Viscount Castlereagh was a great statesman of the nineteenth century whose reputation rose on the issue of foreign policy but declined with his role as spokesman of home policy after the Napoleonic Wars. He was also known for his commitment to the Irish and English Union and his advocacy of a widening of Catholic rights.
Background
Castlereagh was born Robert Stewart on 17 June 1769, the eldest surviving son of Robert Stewart, the first Marquess of Londonderry, and his first wife, Lady Sarah Frances, the second daughter of Francis Seymour Conway, Marquess of Hertford.
Education
He was educated at Armagh in Ireland, and then at St. John’s College, Cambridge. He visited Paris, Geneva, Rome, and Vienna in 1788 and 1789, and on returning to Ireland in 1790 he contested and won one of the County Down seats in the Irish Parliament— but at a cost of £60,000, which nearly ruined his family. At the outbreak of the French wars in 1793 he became lieutenant colonel of the Londonderry militia.
Career
He served as M.P for Tregony (1794—1796) in the English Parliament and as M.P. for Orford, Suffolk (1796-1797). In 1797, he was appointed to the chief secretaryship of Ireland. In this capacity he ordered the arrest of the United Irishmen who had rebelled against English rule in 1798 with the help of French troops. Shordy afterward he was involved in pressing for the Act of Union between Ireland and England and also for a degree of Catholic emancipation. The Act of Union was passed in 1800; but the king’s refusal to make any significant concessions to the Irish Catholics led Castlereagh to resign in 1801, following the example of William Pitt, the Younger, who had resigned as prime minister over the same issue. Casdereagh held no official position in Henry Addingtons ministry but was given the responsibility of conducting through Parliament two Irish measures—the Suppression of Rebellion Act and the Suspension of Habeas Corpus, the right of trial with a jury.

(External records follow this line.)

(* Let $(G,d(\cdot))$ be piecewise $\mathcal C^1$ with continuous reflection and suppose Assumption 2' holds with unit vectors $v_x$ and constants $r_x>0$, $0<c^1_x<1<c^2_x<\infty$, $\alpha_x>0$, $x\in\mathcal V$. Then for each $x\in\mathcal V$ there is a constant $A_x<\infty$ such that for every $r\in(0,r_x/c^2_x)$ there exists a nonnegative function $g_{x,r}\in\mathcal C^2_c(\overline G)$ such that: (1) $\mathrm{supp}[g_{x,r}]\cap\overline G\subset B_{c^2_xr}(x)\cap\overline G\subset B_{r_x}(x)\cap\overline G$; (2) $g_{x,r}(y)=1$ for each $y\in B_{c^1_xr}(x)\cap\overline G$; (3) $\sup_{y\in\overline G}|g_{x,r}(y)|\le A_x$, $\sup_{y\in\overline G}|\nabla g_{x,r}(y)|\le A_x/r$, $\sup_{y\in\overline G}\sum_{i,j=1}^J\big|\frac{\partial^2g_{x,r}(y)}{\partial y_i\partial y_j}\big|<A_x/r^2$; (4) $\langle d,\nabla g_{x,r}(y)\rangle\le0$ for all $d\in d(y)$ and $y\in\partial G$.
   Context: Notation: $B_r(x)=\{y:|y-x|\le r\}$; $\mathrm{dist}(y,A)=\inf_{z\in A}|y-z|$; $\sigma:\mathbb R^J\to\mathbb R^{J\times N}$ continuous and $a=\sigma\sigma^T$. $\mathcal C^2_c(\overline G)$: restrictions to $\overline G$ of functions $\mathcal C^2$ on every open neighbourhood of $\overline G$ with compact support. Piecewise $\mathcal C^1$ with continuous reflection: $G=\bigcap_{i\in\mathcal I}G_i$ nonempty domain, $\mathcal I$ finite, $G_i=\{\phi^i>0\}$, $\partial G_i=\{\phi^i=0\}$ with $\phi^i\in\mathcal C^1(\mathbb R^J)$; $n^i(x)$ the unit inward normal to $\partial G_i$; $\mathcal I(x)=\{i:x\in\partial G_i\}$; $n(x)=\{\sum_{i\in\mathcal I(x)}s_in^i(x):s_i\ge0\}$; $\gamma^i$ continuous vector fields on $\partial G_i$ with $\langle n^i,\gamma^i\rangle>0$; $d(x)=\{\sum_{i\in\mathcal I(x)}s_i\gamma^i(x):s_i\ge0\}$ for $x\in\partial G$. $\mathcal U=\{x\in\partial G:\exists n\in n(x),\ \langle n,d\rangle>0\ \forall d\in d(x)\setminus\{0\}\}$. Assumption 2': $\mathcal V\subset\partial G$ is finite with $\mathcal V\supset\partial G\setminus\mathcal U$, and for each $x\in\mathcal V$ there exist a unit vector $v_x$ and constants $r_x>0$, $\alpha_x>0$, $0<c^1_x<1<c^2_x<\infty$ such that, with $\Theta_x=\{z:\langle z,v_x\rangle\ge0\}$, for all $y\in\overline G\cap B_{r_x}(x)$: (1) $\langle v_x,y-x\rangle\ge\alpha_x|y-x|$; (2) $\gamma^i(y)\in\Theta_x$ for each $i\in\mathcal I(y)\subset\mathcal I(x)$; (3) for every $r\in(0,r_x/c^2_x)$, $\overline G\cap B_{c^1_xr}(x)\subseteq\{y\in\overline G\cap B_{r_x}(x):\mathrm{dist}(y,x+rv_x+\Theta_x)>0\}\subseteq\overline G\cap B_{c^2_xr}(x)$; (4) $v_x^Ta(y)v_x\ge\alpha_x$ for all $y\in B_{r_x}(x)$. *)

From HB Require Import structures.
From mathcomp Require Import all_boot all_order all_algebra.
From mathcomp Require Import all_classical all_reals all_analysis.
Set Implicit Arguments. Unset Strict Implicit. Unset Printing Implicit Defensive.
Import Order.TTheory GRing.Theory Num.Theory.
Import numFieldNormedType.Exports.
Local Open Scope classical_set_scope.
Local Open Scope ring_scope.

Section Defs.
Variables (R : realType) (J : nat).
Notation vec := 'rV[R]_J.

Definition dotp (u v : vec) : R := \sum_(k < J) u 0 k * v 0 k.
Definition enorm (u : vec) : R := Num.sqrt (dotp u u).

Definition cball (x : vec) (r : R) : set vec := [set y | enorm (y - x) <= r].

Definition distS (y : vec) (A : set vec) : R := inf [set enorm (y - z) | z in A].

After the Act of Union of 1800, Castlereagh sat in the House of Commons for County Down until 1805, when he was defeated in the parliamentary election. He was elected for Boroughbridge, in Yorkshire, in January 1806. He was subsequently elected as M.P. for Plympton Earl in Devon in November 1806 and for County Down again in 1812, 1818, and 1820. On succeeding to the Irish peerage, he was elected for Orford in April 1821. This almost unbroken period of tenure in the English Parliament projected him forward in a succession of governments, particularly on foreign policy.
Encouraged by William Pitt, Castlereagh joined Addington’s administration as president of the (East India) Board of Control in 1802, which gave him a seat in the cabinet. In cabinet he spoke increasingly on foreign policy, almost acting as Pitt’s mouthpiece. After Pitt formed a new government in 1804, Castlereagh was given the additional post of secretary of war in 1805. On Pitt’s death he lost these responsibilities; but in 1807 he again became secretary of war, this time in the Duke of Portland’s ministry. In this post he supported Arthur Wellesley’s military campaigns in Spain and Portugal, during the Peninsular War.
Castlereagh returned to office as foreign secretary on 28 February 1812, in the latter days of Spencer Percevals ministry, and remained in that post under Lord Liverpool until his death in 1822.
Castlereagh became Lord Londonderry after the death of his father on 11 April 1821. By this point the enormous work burden and a number of health problems, particularly gout, were beginning to take their toll. It seems that his mind also was going: on 12 August 1822 he committed suicide by cutting his throat with a penknife; an inquest found him to have been of unsound mind. He was subsequently buried in Westminster Abbey, on 20 August 1822.
Achievements
Views
Stewart generally voted with the Tories when he was able to attend sessions of the Irish Parliament, and was firm in his belief in the necessity of a parliamentary union between England and Ireland as well as of the removal of restrictions against the Catholics.
Connections
On 9 June 1794 he married Lady Emily Anne, the youngest daughter and coheiress of John Hobart, the second earl of Buckinghamshire.